**What is needed:** Would you repeat exactly the part of the listing below that runs from the line containing "(* Let $p \in" down to the line containing "P_k(x) = sum_(2", inclusive, and nothing else?

Data for analysis below:

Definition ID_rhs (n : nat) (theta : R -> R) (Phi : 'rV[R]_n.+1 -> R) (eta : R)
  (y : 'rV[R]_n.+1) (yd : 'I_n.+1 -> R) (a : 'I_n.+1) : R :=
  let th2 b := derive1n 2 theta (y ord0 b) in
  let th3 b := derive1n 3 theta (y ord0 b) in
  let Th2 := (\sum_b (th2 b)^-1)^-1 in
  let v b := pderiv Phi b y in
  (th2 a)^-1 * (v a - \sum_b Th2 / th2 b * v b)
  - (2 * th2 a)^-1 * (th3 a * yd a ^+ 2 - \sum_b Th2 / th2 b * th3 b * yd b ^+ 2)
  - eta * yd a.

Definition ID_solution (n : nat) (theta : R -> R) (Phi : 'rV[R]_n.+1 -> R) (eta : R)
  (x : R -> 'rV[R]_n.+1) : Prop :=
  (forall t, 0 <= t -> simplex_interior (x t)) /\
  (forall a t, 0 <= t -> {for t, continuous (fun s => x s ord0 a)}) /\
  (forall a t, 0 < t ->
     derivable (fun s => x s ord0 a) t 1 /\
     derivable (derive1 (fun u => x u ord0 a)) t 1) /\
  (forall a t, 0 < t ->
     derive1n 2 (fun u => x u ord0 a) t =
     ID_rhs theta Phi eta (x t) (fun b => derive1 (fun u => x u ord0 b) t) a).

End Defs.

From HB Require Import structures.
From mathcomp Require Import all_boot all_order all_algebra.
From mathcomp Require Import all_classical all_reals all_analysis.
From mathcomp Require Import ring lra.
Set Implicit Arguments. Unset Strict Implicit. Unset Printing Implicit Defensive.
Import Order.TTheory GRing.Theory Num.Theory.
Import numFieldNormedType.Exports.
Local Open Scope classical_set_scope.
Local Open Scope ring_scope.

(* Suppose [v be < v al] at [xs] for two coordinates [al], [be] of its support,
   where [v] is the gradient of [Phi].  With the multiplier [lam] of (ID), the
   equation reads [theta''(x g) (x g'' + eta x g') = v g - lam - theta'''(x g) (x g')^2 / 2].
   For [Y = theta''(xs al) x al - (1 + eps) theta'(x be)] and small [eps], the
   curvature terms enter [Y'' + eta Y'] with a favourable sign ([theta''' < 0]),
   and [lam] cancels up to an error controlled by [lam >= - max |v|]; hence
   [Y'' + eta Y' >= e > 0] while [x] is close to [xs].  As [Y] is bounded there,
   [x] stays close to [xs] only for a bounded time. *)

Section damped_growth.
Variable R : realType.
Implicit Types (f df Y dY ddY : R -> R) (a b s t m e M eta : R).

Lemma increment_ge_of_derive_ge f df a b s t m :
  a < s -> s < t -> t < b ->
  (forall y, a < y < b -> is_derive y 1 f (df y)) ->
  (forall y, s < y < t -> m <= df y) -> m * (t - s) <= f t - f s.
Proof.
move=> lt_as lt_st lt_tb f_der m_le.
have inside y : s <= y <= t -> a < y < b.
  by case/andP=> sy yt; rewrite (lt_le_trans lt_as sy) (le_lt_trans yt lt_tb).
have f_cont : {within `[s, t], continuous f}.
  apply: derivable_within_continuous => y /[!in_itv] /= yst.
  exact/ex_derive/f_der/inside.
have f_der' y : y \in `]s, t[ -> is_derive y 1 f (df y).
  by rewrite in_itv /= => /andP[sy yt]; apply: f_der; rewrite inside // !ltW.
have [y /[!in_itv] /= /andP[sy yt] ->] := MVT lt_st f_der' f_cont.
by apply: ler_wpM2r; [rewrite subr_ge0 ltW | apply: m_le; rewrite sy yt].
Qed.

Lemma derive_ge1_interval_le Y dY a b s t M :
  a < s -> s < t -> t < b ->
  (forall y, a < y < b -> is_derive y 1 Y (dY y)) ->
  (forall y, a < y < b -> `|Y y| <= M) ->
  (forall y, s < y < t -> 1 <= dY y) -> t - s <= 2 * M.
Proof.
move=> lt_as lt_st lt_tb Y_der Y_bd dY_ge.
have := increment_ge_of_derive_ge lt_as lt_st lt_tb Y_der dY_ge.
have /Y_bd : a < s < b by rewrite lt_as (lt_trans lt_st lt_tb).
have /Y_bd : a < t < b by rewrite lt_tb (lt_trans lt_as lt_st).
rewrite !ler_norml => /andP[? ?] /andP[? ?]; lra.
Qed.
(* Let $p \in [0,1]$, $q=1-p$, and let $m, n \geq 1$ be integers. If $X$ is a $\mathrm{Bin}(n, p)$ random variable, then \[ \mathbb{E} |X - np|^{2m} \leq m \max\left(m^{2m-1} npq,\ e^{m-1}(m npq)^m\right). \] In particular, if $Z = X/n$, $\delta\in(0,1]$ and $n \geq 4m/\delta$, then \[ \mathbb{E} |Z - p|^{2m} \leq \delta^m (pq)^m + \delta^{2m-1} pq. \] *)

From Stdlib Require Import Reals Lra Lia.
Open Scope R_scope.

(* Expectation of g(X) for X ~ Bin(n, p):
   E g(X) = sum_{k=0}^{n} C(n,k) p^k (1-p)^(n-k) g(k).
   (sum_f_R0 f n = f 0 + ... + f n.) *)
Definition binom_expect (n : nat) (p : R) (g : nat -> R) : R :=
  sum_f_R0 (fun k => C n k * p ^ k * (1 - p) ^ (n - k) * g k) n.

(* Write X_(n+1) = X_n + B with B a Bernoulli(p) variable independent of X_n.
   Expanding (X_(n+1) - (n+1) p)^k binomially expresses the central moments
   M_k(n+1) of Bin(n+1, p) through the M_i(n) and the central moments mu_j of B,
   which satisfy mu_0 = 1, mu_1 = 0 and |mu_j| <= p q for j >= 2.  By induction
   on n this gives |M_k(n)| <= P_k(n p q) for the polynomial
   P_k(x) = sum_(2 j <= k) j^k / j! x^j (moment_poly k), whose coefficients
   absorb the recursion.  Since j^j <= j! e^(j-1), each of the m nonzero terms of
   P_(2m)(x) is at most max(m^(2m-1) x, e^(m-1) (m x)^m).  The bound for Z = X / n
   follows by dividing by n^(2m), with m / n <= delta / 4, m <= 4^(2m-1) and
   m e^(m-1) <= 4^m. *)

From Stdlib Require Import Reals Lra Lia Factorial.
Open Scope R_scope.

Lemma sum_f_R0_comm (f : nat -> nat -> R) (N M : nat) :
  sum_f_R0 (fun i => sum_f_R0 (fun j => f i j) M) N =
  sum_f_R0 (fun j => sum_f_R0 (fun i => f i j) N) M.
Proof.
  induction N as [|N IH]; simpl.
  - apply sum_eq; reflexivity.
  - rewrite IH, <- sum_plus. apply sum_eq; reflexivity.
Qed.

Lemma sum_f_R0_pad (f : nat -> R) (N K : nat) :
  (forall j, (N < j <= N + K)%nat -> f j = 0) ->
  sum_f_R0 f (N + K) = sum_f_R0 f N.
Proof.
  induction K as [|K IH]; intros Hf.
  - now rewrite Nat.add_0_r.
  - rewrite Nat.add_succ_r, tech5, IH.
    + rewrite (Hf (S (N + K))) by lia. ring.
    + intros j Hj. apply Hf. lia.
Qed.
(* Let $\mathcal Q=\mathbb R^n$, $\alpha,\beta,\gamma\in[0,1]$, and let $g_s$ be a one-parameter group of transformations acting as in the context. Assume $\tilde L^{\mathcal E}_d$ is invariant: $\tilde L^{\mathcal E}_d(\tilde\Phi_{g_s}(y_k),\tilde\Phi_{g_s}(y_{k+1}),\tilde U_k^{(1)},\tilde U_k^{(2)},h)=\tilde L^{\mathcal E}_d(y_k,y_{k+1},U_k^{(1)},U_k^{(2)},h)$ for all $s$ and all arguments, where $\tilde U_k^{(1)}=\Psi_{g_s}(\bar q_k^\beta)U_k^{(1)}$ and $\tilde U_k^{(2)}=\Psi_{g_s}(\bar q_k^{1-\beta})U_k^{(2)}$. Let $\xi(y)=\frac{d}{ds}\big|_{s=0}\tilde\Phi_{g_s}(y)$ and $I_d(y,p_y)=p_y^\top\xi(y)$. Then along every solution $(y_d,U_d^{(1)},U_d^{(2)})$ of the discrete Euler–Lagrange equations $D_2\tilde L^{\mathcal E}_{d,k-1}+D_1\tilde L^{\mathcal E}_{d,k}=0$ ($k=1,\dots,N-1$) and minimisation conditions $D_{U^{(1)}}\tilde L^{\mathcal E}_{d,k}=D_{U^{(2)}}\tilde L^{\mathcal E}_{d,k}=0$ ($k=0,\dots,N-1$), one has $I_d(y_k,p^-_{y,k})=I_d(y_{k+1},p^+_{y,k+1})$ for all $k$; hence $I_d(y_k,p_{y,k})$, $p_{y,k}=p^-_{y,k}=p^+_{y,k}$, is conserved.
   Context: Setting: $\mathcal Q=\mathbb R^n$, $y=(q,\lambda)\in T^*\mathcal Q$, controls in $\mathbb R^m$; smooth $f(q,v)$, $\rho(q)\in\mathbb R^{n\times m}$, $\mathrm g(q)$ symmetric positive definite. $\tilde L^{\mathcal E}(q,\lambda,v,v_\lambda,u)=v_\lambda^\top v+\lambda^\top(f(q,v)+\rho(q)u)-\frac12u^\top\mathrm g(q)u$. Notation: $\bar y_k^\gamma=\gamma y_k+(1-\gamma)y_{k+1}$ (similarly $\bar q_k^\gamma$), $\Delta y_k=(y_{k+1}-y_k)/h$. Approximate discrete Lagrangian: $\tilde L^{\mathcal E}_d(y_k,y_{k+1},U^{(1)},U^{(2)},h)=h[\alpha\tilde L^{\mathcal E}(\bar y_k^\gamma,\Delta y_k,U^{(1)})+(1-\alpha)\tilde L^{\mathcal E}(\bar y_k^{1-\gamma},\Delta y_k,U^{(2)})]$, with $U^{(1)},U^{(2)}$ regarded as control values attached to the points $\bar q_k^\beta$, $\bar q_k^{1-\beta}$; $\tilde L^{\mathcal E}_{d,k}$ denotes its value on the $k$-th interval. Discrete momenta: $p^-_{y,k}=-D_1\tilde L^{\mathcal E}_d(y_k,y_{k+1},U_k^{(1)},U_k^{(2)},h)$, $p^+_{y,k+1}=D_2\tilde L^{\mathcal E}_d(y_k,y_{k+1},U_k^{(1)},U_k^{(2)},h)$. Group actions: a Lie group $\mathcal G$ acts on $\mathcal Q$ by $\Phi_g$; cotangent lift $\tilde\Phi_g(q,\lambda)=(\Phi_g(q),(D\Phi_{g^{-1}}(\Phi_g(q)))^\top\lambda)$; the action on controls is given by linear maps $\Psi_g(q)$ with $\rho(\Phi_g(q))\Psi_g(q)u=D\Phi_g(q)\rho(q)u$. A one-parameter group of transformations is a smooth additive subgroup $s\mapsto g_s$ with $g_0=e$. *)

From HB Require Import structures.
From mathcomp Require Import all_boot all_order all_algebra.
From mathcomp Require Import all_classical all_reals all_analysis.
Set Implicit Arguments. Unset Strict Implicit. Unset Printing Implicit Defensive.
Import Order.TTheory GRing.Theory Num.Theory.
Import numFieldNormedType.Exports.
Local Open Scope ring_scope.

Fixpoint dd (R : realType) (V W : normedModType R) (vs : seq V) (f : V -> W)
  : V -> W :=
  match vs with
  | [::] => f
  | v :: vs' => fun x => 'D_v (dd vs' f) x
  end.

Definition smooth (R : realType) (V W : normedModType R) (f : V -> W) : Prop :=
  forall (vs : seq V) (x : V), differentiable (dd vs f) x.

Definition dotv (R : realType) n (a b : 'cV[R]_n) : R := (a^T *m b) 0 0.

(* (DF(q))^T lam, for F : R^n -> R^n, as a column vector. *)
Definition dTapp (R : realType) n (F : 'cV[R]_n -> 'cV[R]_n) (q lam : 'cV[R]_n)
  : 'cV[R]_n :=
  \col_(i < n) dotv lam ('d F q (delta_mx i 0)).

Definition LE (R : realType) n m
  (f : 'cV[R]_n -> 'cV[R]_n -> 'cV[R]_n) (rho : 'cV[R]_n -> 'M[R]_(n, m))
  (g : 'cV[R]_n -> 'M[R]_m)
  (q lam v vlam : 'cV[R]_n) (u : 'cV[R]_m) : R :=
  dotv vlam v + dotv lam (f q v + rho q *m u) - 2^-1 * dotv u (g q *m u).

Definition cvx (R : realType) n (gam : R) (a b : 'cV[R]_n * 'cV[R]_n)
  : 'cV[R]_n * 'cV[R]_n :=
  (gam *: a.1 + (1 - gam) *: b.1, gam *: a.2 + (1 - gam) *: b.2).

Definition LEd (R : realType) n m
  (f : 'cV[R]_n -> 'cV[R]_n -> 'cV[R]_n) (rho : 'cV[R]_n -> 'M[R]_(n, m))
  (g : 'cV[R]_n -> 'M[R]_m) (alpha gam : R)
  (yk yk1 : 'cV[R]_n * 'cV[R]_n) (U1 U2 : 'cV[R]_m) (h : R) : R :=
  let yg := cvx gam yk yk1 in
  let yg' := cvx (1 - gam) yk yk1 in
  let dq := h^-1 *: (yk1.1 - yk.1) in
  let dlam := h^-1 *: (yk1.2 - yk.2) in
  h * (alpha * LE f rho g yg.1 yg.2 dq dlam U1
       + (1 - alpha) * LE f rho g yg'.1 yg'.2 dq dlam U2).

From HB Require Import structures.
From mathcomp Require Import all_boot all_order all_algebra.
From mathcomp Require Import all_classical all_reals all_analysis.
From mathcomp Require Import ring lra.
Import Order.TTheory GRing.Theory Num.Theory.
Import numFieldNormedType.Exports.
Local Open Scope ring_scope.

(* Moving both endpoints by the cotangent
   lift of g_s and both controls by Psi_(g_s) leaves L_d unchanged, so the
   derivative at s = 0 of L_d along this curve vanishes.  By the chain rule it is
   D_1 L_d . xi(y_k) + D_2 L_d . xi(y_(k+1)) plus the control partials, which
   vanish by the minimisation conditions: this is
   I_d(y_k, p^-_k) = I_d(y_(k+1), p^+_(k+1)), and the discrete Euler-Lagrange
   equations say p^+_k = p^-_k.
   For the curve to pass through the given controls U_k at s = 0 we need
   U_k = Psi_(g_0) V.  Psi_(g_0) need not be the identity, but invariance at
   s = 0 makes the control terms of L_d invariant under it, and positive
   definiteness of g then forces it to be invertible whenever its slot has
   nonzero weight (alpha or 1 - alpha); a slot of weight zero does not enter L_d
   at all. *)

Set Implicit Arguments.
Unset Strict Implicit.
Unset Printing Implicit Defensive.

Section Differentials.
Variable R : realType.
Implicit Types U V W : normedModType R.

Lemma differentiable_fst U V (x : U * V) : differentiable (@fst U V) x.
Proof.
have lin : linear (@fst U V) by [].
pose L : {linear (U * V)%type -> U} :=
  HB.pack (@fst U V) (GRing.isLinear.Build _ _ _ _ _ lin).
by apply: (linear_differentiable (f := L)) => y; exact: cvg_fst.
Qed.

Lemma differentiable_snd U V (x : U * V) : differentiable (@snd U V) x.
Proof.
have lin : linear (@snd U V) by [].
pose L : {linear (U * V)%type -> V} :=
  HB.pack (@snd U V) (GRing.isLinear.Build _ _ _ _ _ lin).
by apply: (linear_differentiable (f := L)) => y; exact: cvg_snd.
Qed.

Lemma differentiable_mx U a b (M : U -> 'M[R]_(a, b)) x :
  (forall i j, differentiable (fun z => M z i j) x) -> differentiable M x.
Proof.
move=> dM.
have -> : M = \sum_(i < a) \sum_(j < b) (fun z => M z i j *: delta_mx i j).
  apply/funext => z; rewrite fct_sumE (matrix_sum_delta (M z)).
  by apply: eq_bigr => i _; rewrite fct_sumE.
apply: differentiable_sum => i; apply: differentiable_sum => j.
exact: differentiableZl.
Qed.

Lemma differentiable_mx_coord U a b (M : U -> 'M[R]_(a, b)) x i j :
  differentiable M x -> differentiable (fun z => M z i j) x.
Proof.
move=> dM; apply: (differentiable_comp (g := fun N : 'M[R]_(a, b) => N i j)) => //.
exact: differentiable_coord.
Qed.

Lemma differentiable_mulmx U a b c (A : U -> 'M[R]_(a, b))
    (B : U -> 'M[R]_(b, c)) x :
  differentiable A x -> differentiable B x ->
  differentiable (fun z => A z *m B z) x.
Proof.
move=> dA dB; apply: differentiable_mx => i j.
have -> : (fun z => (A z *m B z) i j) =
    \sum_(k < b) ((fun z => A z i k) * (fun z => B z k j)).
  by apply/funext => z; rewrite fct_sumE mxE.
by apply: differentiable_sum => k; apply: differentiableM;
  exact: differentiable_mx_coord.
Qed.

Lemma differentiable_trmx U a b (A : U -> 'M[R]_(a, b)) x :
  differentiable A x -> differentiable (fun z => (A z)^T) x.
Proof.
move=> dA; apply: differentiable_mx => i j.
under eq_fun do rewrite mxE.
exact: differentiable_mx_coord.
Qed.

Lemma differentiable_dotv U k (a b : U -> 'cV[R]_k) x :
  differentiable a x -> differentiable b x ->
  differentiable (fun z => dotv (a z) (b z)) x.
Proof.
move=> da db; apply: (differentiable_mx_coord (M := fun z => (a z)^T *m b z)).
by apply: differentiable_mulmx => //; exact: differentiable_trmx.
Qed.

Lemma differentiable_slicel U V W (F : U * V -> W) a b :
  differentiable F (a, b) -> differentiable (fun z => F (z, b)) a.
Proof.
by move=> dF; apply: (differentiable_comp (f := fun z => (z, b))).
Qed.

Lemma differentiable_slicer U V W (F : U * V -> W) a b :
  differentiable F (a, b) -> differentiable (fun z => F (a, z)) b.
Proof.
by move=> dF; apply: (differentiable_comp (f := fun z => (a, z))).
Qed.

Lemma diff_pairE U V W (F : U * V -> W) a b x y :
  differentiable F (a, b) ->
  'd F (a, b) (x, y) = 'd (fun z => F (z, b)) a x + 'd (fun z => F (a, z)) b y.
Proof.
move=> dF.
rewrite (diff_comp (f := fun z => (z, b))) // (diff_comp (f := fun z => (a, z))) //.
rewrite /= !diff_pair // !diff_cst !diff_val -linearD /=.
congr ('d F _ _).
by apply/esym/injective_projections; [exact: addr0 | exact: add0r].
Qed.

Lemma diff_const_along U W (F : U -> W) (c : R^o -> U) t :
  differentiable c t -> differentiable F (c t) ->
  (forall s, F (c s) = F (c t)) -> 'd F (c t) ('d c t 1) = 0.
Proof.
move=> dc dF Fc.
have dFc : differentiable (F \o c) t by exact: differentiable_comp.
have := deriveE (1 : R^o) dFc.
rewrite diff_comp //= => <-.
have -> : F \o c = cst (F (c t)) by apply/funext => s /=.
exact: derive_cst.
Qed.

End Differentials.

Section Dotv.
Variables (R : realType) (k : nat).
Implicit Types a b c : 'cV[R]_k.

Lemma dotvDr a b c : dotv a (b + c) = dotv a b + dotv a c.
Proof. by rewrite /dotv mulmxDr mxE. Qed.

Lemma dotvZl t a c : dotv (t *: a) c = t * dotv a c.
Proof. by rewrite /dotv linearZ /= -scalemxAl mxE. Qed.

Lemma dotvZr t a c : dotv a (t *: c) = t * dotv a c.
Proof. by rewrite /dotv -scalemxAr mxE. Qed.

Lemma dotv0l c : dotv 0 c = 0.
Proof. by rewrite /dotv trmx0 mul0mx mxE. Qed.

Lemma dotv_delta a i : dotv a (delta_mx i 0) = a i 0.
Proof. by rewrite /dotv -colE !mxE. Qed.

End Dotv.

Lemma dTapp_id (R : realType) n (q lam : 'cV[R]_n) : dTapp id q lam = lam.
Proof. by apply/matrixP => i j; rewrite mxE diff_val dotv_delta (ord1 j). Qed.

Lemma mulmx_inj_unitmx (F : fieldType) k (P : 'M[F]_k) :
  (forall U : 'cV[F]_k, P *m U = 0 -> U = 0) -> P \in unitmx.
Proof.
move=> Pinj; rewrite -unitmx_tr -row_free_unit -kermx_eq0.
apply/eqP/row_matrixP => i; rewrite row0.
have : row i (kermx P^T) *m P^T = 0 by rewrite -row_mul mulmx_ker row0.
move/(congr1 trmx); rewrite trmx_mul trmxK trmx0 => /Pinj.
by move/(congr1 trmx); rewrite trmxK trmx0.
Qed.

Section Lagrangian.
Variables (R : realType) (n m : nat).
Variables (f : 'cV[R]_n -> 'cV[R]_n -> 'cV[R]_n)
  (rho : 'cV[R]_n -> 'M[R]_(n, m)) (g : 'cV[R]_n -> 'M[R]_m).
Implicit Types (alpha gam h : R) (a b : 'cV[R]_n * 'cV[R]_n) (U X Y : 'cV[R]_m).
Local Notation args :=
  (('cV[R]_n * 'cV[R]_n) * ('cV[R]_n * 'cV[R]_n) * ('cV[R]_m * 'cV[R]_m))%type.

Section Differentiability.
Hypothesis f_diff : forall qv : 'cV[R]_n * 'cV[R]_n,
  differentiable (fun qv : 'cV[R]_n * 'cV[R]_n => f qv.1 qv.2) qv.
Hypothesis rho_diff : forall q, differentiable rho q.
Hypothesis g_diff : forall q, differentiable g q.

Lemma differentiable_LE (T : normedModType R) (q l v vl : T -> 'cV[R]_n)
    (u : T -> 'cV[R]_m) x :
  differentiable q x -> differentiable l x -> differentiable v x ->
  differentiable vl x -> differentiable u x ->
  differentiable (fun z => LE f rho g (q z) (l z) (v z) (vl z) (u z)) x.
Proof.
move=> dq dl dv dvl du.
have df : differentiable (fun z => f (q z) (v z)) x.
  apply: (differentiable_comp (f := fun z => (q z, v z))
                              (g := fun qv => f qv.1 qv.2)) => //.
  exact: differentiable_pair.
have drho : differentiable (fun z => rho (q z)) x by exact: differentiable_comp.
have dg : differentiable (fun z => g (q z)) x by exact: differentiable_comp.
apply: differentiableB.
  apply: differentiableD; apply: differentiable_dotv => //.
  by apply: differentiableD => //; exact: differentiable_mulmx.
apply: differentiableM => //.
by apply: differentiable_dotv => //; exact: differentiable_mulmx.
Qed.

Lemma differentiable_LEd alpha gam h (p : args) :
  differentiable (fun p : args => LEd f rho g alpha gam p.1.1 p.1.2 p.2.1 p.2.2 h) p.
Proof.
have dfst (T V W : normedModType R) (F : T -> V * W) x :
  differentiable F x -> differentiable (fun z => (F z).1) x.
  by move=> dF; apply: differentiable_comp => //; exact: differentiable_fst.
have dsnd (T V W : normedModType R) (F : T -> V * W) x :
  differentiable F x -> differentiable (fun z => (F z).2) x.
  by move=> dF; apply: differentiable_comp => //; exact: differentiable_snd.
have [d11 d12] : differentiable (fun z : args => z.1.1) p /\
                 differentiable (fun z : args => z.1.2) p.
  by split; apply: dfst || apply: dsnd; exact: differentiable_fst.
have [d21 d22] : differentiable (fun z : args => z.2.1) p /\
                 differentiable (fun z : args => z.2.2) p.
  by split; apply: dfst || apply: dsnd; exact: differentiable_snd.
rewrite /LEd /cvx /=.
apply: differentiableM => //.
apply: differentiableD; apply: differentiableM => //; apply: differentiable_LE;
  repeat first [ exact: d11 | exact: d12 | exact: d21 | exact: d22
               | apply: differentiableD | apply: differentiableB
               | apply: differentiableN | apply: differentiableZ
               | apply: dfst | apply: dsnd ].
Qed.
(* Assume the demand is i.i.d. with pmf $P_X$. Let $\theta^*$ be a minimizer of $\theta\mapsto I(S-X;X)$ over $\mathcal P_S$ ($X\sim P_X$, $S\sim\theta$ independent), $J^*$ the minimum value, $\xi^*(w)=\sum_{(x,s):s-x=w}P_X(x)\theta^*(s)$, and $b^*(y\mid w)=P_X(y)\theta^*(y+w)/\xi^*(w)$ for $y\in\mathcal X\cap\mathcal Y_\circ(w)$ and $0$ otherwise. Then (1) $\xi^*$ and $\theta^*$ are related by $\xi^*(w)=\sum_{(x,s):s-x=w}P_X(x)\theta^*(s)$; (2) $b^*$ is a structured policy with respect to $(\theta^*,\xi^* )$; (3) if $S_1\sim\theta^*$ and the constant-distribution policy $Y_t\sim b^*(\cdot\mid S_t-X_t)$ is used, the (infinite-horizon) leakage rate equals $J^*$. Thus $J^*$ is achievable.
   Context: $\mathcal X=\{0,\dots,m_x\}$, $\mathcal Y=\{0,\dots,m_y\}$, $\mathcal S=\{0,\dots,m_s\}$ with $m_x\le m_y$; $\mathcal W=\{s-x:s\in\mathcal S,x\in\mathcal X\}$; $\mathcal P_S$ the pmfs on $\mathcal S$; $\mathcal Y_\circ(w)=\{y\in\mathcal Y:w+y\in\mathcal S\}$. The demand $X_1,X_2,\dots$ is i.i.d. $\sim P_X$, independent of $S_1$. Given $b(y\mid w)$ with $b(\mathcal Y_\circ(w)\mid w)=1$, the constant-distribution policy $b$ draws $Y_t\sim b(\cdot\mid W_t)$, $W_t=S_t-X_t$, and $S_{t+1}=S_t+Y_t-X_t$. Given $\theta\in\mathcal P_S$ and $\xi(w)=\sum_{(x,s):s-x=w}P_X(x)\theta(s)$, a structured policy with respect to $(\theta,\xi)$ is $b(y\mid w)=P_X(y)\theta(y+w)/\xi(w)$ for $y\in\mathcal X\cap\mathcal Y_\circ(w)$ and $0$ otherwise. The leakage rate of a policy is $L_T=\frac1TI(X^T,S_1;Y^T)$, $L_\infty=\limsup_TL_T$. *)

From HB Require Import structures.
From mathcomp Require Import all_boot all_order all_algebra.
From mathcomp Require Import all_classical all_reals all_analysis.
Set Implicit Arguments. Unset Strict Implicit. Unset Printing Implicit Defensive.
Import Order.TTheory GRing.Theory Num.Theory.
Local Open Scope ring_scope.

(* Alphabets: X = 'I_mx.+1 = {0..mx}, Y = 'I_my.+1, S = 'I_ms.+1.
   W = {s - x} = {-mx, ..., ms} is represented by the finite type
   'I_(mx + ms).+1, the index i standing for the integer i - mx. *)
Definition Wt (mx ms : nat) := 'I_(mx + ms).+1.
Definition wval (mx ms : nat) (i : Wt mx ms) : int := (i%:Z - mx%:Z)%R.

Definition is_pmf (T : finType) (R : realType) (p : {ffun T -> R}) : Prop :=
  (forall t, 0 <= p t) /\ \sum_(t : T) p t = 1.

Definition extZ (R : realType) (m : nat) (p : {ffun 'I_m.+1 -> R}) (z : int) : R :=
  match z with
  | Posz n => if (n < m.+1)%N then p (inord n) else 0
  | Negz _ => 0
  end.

End of Data for analysis.

**Task result:**
(* Let $p \in [0,1]$, $q=1-p$, and let $m, n \geq 1$ be integers. If $X$ is a $\mathrm{Bin}(n, p)$ random variable, then \[ \mathbb{E} |X - np|^{2m} \leq m \max\left(m^{2m-1} npq,\ e^{m-1}(m npq)^m\right). \] In particular, if $Z = X/n$, $\delta\in(0,1]$ and $n \geq 4m/\delta$, then \[ \mathbb{E} |Z - p|^{2m} \leq \delta^m (pq)^m + \delta^{2m-1} pq. \] *)

From Stdlib Require Import Reals Lra Lia.
Open Scope R_scope.

(* Expectation of g(X) for X ~ Bin(n, p):
   E g(X) = sum_{k=0}^{n} C(n,k) p^k (1-p)^(n-k) g(k).
   (sum_f_R0 f n = f 0 + ... + f n.) *)
Definition binom_expect (n : nat) (p : R) (g : nat -> R) : R :=
  sum_f_R0 (fun k => C n k * p ^ k * (1 - p) ^ (n - k) * g k) n.

(* Write X_(n+1) = X_n + B with B a Bernoulli(p) variable independent of X_n.
   Expanding (X_(n+1) - (n+1) p)^k binomially expresses the central moments
   M_k(n+1) of Bin(n+1, p) through the M_i(n) and the central moments mu_j of B,
   which satisfy mu_0 = 1, mu_1 = 0 and |mu_j| <= p q for j >= 2.  By induction
   on n this gives |M_k(n)| <= P_k(n p q) for the polynomial
   P_k(x) = sum_(2 j <= k) j^k / j! x^j (moment_poly k), whose coefficients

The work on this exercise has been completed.